_Exercise instructions:_
Tell me, please, how many lines in the records below include the word "Arguments". Give no more than the number.

_The data:_
————————

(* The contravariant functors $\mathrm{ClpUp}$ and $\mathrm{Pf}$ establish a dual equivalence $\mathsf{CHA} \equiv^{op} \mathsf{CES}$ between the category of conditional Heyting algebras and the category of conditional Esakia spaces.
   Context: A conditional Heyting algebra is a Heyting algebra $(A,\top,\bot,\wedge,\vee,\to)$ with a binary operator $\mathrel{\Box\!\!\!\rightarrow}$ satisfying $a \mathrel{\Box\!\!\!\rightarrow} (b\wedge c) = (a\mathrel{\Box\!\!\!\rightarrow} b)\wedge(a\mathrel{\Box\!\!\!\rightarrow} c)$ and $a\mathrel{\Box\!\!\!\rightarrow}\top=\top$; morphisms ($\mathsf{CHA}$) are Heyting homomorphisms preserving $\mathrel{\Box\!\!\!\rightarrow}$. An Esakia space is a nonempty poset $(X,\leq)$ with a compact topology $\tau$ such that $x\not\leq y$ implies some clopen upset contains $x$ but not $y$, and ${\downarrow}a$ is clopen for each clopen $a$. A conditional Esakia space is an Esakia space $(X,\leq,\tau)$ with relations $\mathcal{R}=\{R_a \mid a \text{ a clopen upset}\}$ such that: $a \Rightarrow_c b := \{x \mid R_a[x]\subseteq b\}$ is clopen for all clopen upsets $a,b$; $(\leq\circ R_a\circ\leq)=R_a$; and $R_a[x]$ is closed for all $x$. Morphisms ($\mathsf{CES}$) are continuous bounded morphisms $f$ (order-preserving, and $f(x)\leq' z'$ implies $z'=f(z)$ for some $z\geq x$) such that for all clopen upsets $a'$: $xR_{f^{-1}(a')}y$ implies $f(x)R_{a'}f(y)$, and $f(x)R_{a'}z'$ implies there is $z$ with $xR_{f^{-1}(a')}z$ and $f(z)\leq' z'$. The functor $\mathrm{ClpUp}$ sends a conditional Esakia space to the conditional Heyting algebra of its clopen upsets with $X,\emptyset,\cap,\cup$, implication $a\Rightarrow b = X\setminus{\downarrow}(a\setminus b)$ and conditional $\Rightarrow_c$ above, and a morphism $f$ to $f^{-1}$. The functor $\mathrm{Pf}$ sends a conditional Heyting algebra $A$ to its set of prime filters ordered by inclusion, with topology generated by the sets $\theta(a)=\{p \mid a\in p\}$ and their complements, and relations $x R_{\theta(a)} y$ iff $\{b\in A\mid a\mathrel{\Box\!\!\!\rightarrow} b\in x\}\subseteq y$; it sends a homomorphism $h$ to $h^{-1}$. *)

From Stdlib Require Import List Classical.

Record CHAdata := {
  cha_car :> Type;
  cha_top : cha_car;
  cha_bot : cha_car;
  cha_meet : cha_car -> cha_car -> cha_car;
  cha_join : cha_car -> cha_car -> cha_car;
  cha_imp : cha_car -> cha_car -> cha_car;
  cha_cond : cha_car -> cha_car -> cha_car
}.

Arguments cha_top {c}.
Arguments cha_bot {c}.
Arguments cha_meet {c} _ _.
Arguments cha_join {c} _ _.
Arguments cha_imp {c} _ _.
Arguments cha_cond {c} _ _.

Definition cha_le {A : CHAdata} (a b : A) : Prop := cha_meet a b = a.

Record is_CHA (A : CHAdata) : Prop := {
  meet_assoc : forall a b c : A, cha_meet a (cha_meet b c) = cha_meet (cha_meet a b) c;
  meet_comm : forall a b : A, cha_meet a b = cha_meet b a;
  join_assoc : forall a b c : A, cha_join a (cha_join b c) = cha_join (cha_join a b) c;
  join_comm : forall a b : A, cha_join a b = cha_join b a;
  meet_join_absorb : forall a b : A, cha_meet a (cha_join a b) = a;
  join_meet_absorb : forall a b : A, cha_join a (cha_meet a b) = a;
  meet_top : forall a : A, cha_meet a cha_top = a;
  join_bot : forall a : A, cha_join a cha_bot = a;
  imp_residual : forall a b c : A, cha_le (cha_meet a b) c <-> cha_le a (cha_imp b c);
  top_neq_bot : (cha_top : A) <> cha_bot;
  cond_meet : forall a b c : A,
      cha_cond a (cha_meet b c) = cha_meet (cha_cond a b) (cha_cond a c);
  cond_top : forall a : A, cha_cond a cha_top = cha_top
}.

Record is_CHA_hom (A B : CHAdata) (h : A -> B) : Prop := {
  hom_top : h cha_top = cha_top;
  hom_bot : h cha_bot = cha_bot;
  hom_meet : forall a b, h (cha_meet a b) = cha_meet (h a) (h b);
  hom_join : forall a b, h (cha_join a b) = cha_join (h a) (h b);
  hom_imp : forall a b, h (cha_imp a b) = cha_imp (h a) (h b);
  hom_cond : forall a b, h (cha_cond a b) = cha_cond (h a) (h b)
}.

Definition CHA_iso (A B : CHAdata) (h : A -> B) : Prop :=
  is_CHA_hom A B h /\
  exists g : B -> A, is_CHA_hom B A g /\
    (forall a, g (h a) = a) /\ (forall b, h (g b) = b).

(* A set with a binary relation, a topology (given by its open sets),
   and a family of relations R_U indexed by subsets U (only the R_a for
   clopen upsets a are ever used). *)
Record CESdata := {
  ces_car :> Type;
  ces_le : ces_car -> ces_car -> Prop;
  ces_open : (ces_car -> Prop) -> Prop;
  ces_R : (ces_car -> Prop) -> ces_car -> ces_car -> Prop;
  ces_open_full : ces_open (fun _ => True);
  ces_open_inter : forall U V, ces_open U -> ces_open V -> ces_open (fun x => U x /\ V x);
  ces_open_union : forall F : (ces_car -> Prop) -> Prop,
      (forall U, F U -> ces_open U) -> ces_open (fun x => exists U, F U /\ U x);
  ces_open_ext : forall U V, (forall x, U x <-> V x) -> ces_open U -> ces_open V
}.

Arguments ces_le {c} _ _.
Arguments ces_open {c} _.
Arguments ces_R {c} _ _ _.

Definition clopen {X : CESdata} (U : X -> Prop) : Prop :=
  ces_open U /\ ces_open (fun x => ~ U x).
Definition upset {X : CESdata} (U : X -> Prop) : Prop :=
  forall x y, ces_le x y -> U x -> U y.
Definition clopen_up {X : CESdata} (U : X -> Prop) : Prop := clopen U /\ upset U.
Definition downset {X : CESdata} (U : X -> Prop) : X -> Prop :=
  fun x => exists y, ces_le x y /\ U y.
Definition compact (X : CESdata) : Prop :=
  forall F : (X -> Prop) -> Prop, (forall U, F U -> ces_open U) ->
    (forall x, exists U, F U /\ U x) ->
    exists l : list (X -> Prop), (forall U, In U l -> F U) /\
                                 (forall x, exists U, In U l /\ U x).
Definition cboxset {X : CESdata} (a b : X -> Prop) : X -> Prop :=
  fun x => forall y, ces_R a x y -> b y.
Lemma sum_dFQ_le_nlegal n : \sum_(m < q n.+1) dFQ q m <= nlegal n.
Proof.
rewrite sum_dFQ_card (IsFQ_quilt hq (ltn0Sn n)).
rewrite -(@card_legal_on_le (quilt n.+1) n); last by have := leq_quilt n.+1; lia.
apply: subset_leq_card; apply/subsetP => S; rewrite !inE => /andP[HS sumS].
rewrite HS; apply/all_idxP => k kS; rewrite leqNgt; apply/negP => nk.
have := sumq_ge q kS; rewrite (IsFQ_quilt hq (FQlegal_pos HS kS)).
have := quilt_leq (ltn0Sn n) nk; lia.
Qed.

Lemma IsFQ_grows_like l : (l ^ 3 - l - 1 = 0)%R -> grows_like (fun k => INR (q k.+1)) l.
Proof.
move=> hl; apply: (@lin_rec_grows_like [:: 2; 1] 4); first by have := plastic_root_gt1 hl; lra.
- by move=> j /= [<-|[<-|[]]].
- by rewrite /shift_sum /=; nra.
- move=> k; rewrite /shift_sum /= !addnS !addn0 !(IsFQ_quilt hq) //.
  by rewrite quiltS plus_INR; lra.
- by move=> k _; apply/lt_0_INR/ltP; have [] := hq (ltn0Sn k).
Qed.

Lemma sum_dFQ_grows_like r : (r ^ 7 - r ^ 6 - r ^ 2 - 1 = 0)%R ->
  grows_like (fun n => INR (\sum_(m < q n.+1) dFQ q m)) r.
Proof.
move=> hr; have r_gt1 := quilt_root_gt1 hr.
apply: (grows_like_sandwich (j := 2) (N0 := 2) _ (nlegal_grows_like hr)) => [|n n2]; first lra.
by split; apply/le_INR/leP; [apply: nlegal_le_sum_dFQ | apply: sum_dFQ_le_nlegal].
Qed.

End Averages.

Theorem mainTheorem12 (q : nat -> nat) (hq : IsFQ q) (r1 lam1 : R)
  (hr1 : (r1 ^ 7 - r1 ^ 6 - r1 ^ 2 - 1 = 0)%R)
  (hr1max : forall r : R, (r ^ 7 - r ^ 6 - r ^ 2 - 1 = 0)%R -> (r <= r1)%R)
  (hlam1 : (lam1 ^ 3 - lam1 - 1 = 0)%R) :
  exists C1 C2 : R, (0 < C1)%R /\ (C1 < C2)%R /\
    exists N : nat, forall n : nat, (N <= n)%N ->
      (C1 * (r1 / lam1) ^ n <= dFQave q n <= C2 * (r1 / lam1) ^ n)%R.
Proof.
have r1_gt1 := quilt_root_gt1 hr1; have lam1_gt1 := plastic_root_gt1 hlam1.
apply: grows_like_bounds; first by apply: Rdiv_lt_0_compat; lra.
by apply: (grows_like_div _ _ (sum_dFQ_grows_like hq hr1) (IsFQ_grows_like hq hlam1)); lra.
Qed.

————————

_Problem solution:_
9